Im Detail will ich da nicht drüber sprechen.

Zuletzt wurde über Gino Lettieri spekuliert. Auch über Timo Rost.

Ich kommentiere keine Namen.

Aber stimmt es, dass es dieses Mal eher ein erfahrener Coach sein soll?

Es ist sicher so, dass das nicht hinderlich ist, wenn einer schon 2. oder 3. Liga gearbeitet hat und das Geschäft kennt. Ob das dann mit unseren Rahmenbedingungen zusammen passt, ist eine andere Frage.

Also mit dem Gehalt, das der Jahn zahlen kann?

Genau.

Aber es heißt, dass der Jahn durch erfreulich hohe Sponsoren- und Zuschauereinnahmen seinen Etat aufstocken konnte.

Da wurde viel erzählt. Richtig ist, dass wir in der Tat etwas mehr eingenommen haben als geplant. Falsch ist, dass wir alle Mehreinnahmen in Mannschaft und Trainer stecken können. Wir müssen leider immer auch noch Altlasten abtragen.
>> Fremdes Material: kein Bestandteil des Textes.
Lemma svt_top_bottom_lt i j x y :
  i <= j -> j < n.+1 -> x \in svt_row S top i -> y \in svt_row S bottom j -> x < y.
Proof.
rewrite leq_eqVlt => /orP[/eqP ->|lt_ij lt_jn xTi yBj]; first exact: svt_col_lt.
have lt_in := ltn_trans lt_ij lt_jn.
have /set0Pn[z zBi] : svt_row S bottom i != set0.
  rewrite -card_gt0 card_svt_row // -(card_svt_row bottom lt_jn) card_gt0.
  by apply/set0Pn; exists y.
exact: ltn_trans (svt_col_lt lt_in xTi zBi) (svt_row_lt lt_ij lt_jn zBi yBj).
Qed.

Lemma bottom_rowE : union_upto (svt_row S bottom) n.+1 = ~: top_row S.
Proof.
case/is_svt_rectP: svt_S => _ disj_S cover_S _.
apply/setP=> x; rewrite inE; apply/idP/idP => [/mem_union_upto[j lt_jn xBj]|not_top].
  apply/negP=> /mem_union_upto[i lt_in xTi].
  move: xBj xTi; rewrite (svt_rowE _ _ lt_jn) (svt_rowE _ _ lt_in) => xBj.
  by rewrite (disjointFr (disj_S _ _ _) xBj).
have [[r j] xSrj] := cover_S x.
have lt_jn := col_ltn j.
have xrj : x \in svt_row S r j by rewrite svt_row_ord.
apply/mem_union_upto; exists j => //; case: (ord2P r) xrj => -> // xTj.
by case/negP: not_top; apply/mem_union_upto; exists j.
Qed.

Lemma svt_row_chunk r j :
  j < n.+1 -> svt_row S r j = chunk (union_upto (svt_row S r) n.+1) (rho r 0) j.
Proof. exact: (increasing_chunk (card_svt_row r) (@svt_row_lt r)). Qed.

Lemma card_svt_union r k : k <= n.+1 -> #|union_upto (svt_row S r) k| = k * rho r 0.
Proof. exact: (card_union_upto (card_svt_row r) (increasing_disjoint (@svt_row_lt r))). Qed.

Lemma top_row_lt j x : j < n.+1 -> x \in svt_row S top j -> x < j * s + t.
Proof.
(* Fewer than (j+1) t entries of the top row lie below x, and by the column
   condition only entries of the first j bottom cells do. *)
move=> lt_jn xTj; set X := top_row S.
have split_x : nbelow X x + nbelow (~: X) x = x := nbelowC X (ltnW (ltn_ord x)).
have below_X : nbelow X x < j * t + t.
  rewrite (nbelow_union_upto (card_svt_row top) (@svt_row_lt top) lt_jn xTj) ltn_add2l.
  by have := nbelow_lt_card xTj; rewrite card_svt_row.
have below_Y : nbelow (~: X) x <= j * (s - t).
  rewrite -bottom_rowE -[_ * (s - t)](card_svt_union bottom (ltnW lt_jn)).
  apply: subset_leq_card; apply/subsetP=> y.
  rewrite inE => /andP[/mem_union_upto[i lt_in yBi] lt_yx].
  apply/mem_union_upto; exists i => //; rewrite ltnNge; apply/negP=> le_ji.
  by have := svt_top_bottom_lt le_ji lt_in xTj yBi; rewrite ltnNge (ltnW lt_yx).
have : j * (s - t) + j * t = j * s by rewrite -mulnDr subnK.
lia.
Qed.

Lemma top_row_feasible : feasible_top s t n N (top_row S).
Proof.
rewrite /feasible_top card_svt_union // eqxx /=; apply/forallP=> k.
rewrite -[_ * t](card_svt_union top (ltn_ord k)); apply: subset_leq_card.
apply/subsetP=> x /mem_union_upto[j lt_jk xTj]; have lt_jn := leq_trans lt_jk (ltn_ord k).
have le_jk : j * s + t <= k * s + t by rewrite leq_add2r leq_mul2r ltnSE ?orbT.
rewrite inE (leq_trans (top_row_lt lt_jn xTj) le_jk) andbT.
by apply/mem_union_upto; exists j.
Qed.

End ValidTableau.

Definition row_set (X : {set 'I_N}) (r : nat) : {set 'I_N} := if r == 0 then X else ~: X.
Aber es ist noch etwas Spielraum da?

Ja, etwas Spielraum haben wir. Wir wollen auch die Mannschaft verstärken. Am besten im Sturm auf der offensiven Außenbahn und in der Innenverteidigung.

Werden Sie auch Spieler abgeben?

Möglich ist alles.

Ist es so, dass auch Sie in Bedrängnis geraten, wenn der neue Trainer nicht auf Anhieb Erfolg hat?

Grundsätzlich ist es so, dass wir uns alle wünschen, dass wir auf dieser entscheidenden Position ab sofort mehr Kontinuität haben...

...und wenn nicht. Wird es dann nicht vor allem Ihnen angelastet werden?

Das müssen Sie eigentlich andere fragen. Aber ich stehe als Geschäftsführer hier vorne dran, da kann ich mich am Ende auch der Verantwortung nicht entziehen.